Расхождения с обстановкой в «Горбунове и Горчакове», конечно, огромны. Но все же в тенденции, на мой взгляд, имеется что-то общее.
7
Я — идиот!
(Характерное для И. Б. выражение недовольства самим собой, сопровождавшееся звонким ударом ладонью по лбу.)
Что касается прямой литературной преемственности, христологическая тематика «Горбунова и Горчакова» имеет свои прецеденты, я думаю, прежде всего в большой русской прозе.
На «Мастера и Маргариту», произведение 1930-х годов, укажу лишь мимоходом, потому что Бродский, равно как и другие читатели, мог с ним познакомиться только по журнальной публикации 1967 года, то есть в период, когда он уже давно был занят замыслом своей частично уже написанной поэмы. Кроме того, сухость его высказываний свидетельствует о том, что популярнейший среди тогдашней интеллигенции булгаковский роман его мало интересовал.
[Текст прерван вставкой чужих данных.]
(* Let $(\pi,T,\eta,\mu)$ be a symmetric random system (in particular $T$-invariant and time reversible). Then the Markov operator $P_{\eta,T}$ is self-adjoint on $L^2(X,\mu)$. In particular $P_{\eta,T^{-1}}=P_{\eta,T}$.
   Context: A measured fibration is a measurable map $\pi:\mathcal M\to X$ between Borel spaces together with a family $\eta=\{\eta_x\}_{x\in X}$ of probability measures on $\mathcal M$ with $\eta_x(\pi^{-1}(x))=1$ for every $x$, measurable in the sense that $x\mapsto\eta_x(f)=\int f\,d\eta_x$ is Borel for every Borel $f:\mathcal M\to[0,\infty]$. A random system $(\pi,T,\eta,\mu)$ consists of such a measured fibration, a measurable map $T:\mathcal M\to\mathcal M$, and a probability measure $\mu$ on $X$; $\mu\circ\eta$ is the probability measure on $\mathcal M$ with $(\mu\circ\eta)(f)=\int_X\eta_x(f)\,d\mu(x)$. The Markov operator is $(P_{\eta,T}f)(x)=\int_{\pi^{-1}(x)}f(\pi(T(\xi)))\,d\eta_x(\xi)$. The random system is $T$-invariant if $T$ is a measurable isomorphism and $\nu:=\mu\circ\eta$ satisfies $T_*\nu=\nu$. It is time reversible if there is a measurable isomorphism $\tilde J:\mathcal M\to\mathcal M$ mapping fibers of $\pi$ to fibers, with $\tilde J_*\nu=\nu$ and $T\circ\tilde J=\tilde J\circ T^{-1}$; $\tilde J$ induces $J:X\to X$ with $J\circ\pi=\pi\circ\tilde J$. An automorphism (symmetry) of the random system is a measurable isomorphism $\tilde S:\mathcal M\to\mathcal M$ with $T\circ\tilde S=\tilde S\circ T$, mapping fibers to fibers and with $\tilde S_*\nu=\nu$; it induces $S:X\to X$ with $S\circ\pi=\pi\circ\tilde S$. A $T$-invariant, time reversible random system with time-reversing map $\tilde J$ is called symmetric if there exists an automorphism $\tilde S$ whose induced map $S$ on $X$ coincides with the map $J$ induced by $\tilde J$. *)

From HB Require Import structures.
From mathcomp Require Import all_boot all_order all_algebra.
From mathcomp Require Import all_classical all_reals all_analysis.
From mathcomp Require Import measurable_realfun.
Set Implicit Arguments. Unset Strict Implicit. Unset Printing Implicit Defensive.
Import Order.TTheory GRing.Theory Num.Theory.
Local Open Scope classical_set_scope.
Local Open Scope ring_scope.

Section RandomSystems.
Context {R : realType} {dX dM : measure_display}
  {X : measurableType dX} {M : measurableType dM}.

Definition measurable_iso (F Finv : M -> M) :=
  [/\ measurable_fun setT F, measurable_fun setT Finv,
      cancel F Finv & cancel Finv F].

Definition measured_fibration (pi : M -> X) (eta : X -> probability M R) :=
  [/\ measurable_fun setT pi,
      (forall x : X, eta x (pi @^-1` [set x]) = 1%E) &
      (forall f : M -> \bar R, measurable_fun setT f -> (forall xi, (0 <= f xi)%E) ->
         measurable_fun setT (fun x => (\int[eta x]_xi f xi)%E))].

Definition compose_measure (mu : probability X R) (eta : X -> probability M R)
  (A : set M) : \bar R := \int[mu]_x eta x A.

Definition preserves (mu : probability X R) (eta : X -> probability M R)
  (F : M -> M) :=
  forall A : set M, measurable A ->
    compose_measure mu eta (F @^-1` A) = compose_measure mu eta A.

Definition fiber_preserving (pi : M -> X) (F : M -> M) :=
  forall xi xi', pi xi = pi xi' -> pi (F xi) = pi (F xi').

Definition induced_map (pi : M -> X) (F : M -> M) (f : X -> X) :=
  forall xi, f (pi xi) = pi (F xi).

Definition markov_op (pi : M -> X) (eta : X -> probability M R) (T : M -> M)
  (f : X -> R) (x : X) : R :=
  Rintegral (eta x) (pi @^-1` [set x]) (fun xi => f (pi (T xi))).

Definition sq_integrable (mu : probability X R) (f : X -> R) :=
  measurable_fun setT f /\ mu.-integrable setT (fun x => (f x ^+ 2)%:E).

End RandomSystems.

From HB Require Import structures.
From mathcomp Require Import all_boot all_order all_algebra.
From mathcomp Require Import all_classical all_reals all_analysis.
From mathcomp Require Import measurable_realfun.
From mathcomp Require Import lra.
Set Implicit Arguments. Unset Strict Implicit. Unset Printing Implicit Defensive.
Import Order.TTheory GRing.Theory Num.Theory.
Local Open Scope classical_set_scope.
Local Open Scope ring_scope.

(* Write nu = mu o eta.  For a map F preserving nu, Fubini along the fibers gives
   <P_F u, v>_mu = \int u (pi (F z)) v (pi z) dnu(z).  Transporting nu successively
   by the time reversal Jt, by T and by the symmetry St, which induce the same map
   J on X, turns \int f (pi (T z)) g (pi z) dnu into \int f (pi z) g (pi (T z)) dnu:
   this is the self-adjointness of P_T.  Combined with the T-invariance of nu the
   same identity gives <P_{T^-1} f, g> = <P_T f, g> for every g in L^2, hence
   P_{T^-1} f = P_T f almost everywhere. *)

Section square_integrable.
Context (R : realType) (d : measure_display) (T : measurableType d).
Implicit Types a b : T -> R.

Lemma integrable_mul_of_sq (m : {measure set T -> \bar R}) a b :
  measurable_fun setT a -> measurable_fun setT b ->
  m.-integrable setT (fun x => (a x ^+ 2)%:E) ->
  m.-integrable setT (fun x => (b x ^+ 2)%:E) ->
  m.-integrable setT (fun x => (a x * b x)%:E).
Proof.
move=> ma mb ia ib.
apply: (le_integrable measurableT _ _ (integrableD measurableT ia ib)).
  by apply/measurable_EFinP; exact: measurable_funM.
move=> x _ /=; rewrite lee_fin [leRHS]ger0_norm ?addr_ge0 ?sqr_ge0// normrM.
rewrite -[a x ^+ 2]real_normK ?num_real// -[b x ^+ 2]real_normK ?num_real//.
have := sqr_ge0 `|a x|; have := sqr_ge0 `|b x|.
have := sqr_ge0 (`|a x| - `|b x|); rewrite sqrrB; lra.
Qed.

Lemma integrable_sqB_of_sq (m : {measure set T -> \bar R}) a b :
  measurable_fun setT a -> measurable_fun setT b ->
  m.-integrable setT (fun x => (a x ^+ 2)%:E) ->
  m.-integrable setT (fun x => (b x ^+ 2)%:E) ->
  m.-integrable setT (fun x => ((a x - b x) ^+ 2)%:E).
Proof.
move=> ma mb ia ib.
have i2 := integrableD measurableT
  (integrableZl measurableT 2 ia) (integrableZl measurableT 2 ib).
apply: (le_integrable measurableT _ _ i2).
  by apply/measurable_EFinP/measurable_funX/measurable_funB.
move=> x _ /=; rewrite lee_fin ger0_norm ?sqr_ge0// ger0_norm; last first.
  by rewrite addr_ge0// mulr_ge0// sqr_ge0.
have := sqr_ge0 (a x + b x); rewrite sqrrD sqrrB; lra.
Qed.

Lemma ae_eq_of_integral_mul (m : {measure set T -> \bar R}) a b :
  measurable_fun setT a -> measurable_fun setT b ->
  m.-integrable setT (fun x => (a x ^+ 2)%:E) ->
  m.-integrable setT (fun x => (b x ^+ 2)%:E) ->
  (forall g : T -> R, measurable_fun setT g ->
     m.-integrable setT (fun x => (g x ^+ 2)%:E) ->
     (\int[m]_x (a x * g x)%:E = \int[m]_x (b x * g x)%:E)%E) ->
  {ae m, forall x, a x = b x}.
Proof.
move=> ma mb ia ib ab; pose D x := a x - b x.
have mD : measurable_fun setT D by exact: measurable_funB.
have iD : m.-integrable setT (fun x => (D x ^+ 2)%:E).
  exact: integrable_sqB_of_sq.
have iaD := integrable_mul_of_sq ma mD ia iD.
have iD0 : (\int[m]_x `|(D x ^+ 2)%:E| = 0)%E.
  under eq_integral do rewrite abse_EFin ger0_norm ?sqr_ge0// expr2 {1}/D mulrBl.
  by rewrite integralB_EFin ?(ab D)// ?subee ?integrable_fin_num//;
    exact: integrable_mul_of_sq.
have mD2 : measurable_fun setT (fun x => (D x ^+ 2)%:E).
  exact/measurable_EFinP/measurable_funX.
move/(ae_eq_integral_abs _ measurableT mD2): iD0; apply: filterS => x /(_ I) /= /eqP.
by rewrite eqe sqrf_eq0 subr_eq0 => /eqP.
Qed.
Theorem lemma4p3 (k : fieldType) (V : lmodType k) (br : V -> V -> V)
    (P : bool -> V -> Prop) (m n : nat) (e h f : nat -> V) :
  (2%:R : k) != 0 -> (3%:R : k) != 0 ->
  (1 <= m)%N -> (1 <= n)%N ->
  is_lie_superalgebra br P ->
  km_relations br P m n e h f ->
  [/\ (forall i j kk l, inOmega m n i -> inOmega m n j -> inOmega m n kk ->
         inOmega m n l -> (j <= i)%N -> (l <= kk)%N -> lex_ge i j kk l ->
         (kk < m + n)%N ->
         br (eij br e i j) (eij br e kk l) = (if j.-1 == kk then eij br e i l else 0)),
      (forall i j kk, inOmega m n i -> inOmega m n j -> inOmega m n kk ->
         br (eij br e (m + n) i) (br (eij br e (m + n) j) (eij br e (m + n) kk)) = 0) &
      (forall i j kk l, inOmega m n i -> inOmega m n j -> inOmega m n kk ->
         inOmega m n l ->
         br (br (eij br e (m + n) i) (eij br e (m + n) j))
            (br (eij br e (m + n) kk) (eij br e (m + n) l)) = 0)].
Proof.
move=> two three m_gt0 n_gt0 super rels; split.
- move=> i j kk l; rewrite /inOmega /lex_ge => i_in j_in kk_in l_in ji lk lex kkN.
  by apply: (br_eij super two three m_gt0 n_gt0 rels); lia.
- by move=> i j kk; apply: (br3_eN_eq0 super two three m_gt0 n_gt0 rels).
- by move=> i j kk l; apply: (br22_eN_eq0 super two three m_gt0 n_gt0 rels).
Qed.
Другое дело, конечно, «Доктор Живаго». Мне не известно точно, когда и как Бродский имел возможность читать запрещенный в Советском Союзе роман Пастернака. Но наличие этого произведения, целиком проникнутого тематикой Рождества и Страстей Господних, на заднем плане «Горбунова и Горчакова» мне кажется бесспорным. О значении для Бродского пастернаковских стихов из романа, в частности так называемых «библейских», свидетельствуют его эссе и ряд лирических произведений, начиная с 1960-х годов. Но для поэмы Бродского, где главная фигура повествования о русской жизни XX века связана с прообразом Христа, важна в первую очередь собственно прозаическая часть «Доктора Живаго».
Не забудем, однако, о великом предшественнике Пастернака и других авторов XX века, все большие романы которого так или иначе имеют христологическую подоснову. Среди наследия Достоевского остановимся, в частности, на «Идиоте» с его героем князем Мышкиным, который в записных книжках романиста прямо назван «князем Христом».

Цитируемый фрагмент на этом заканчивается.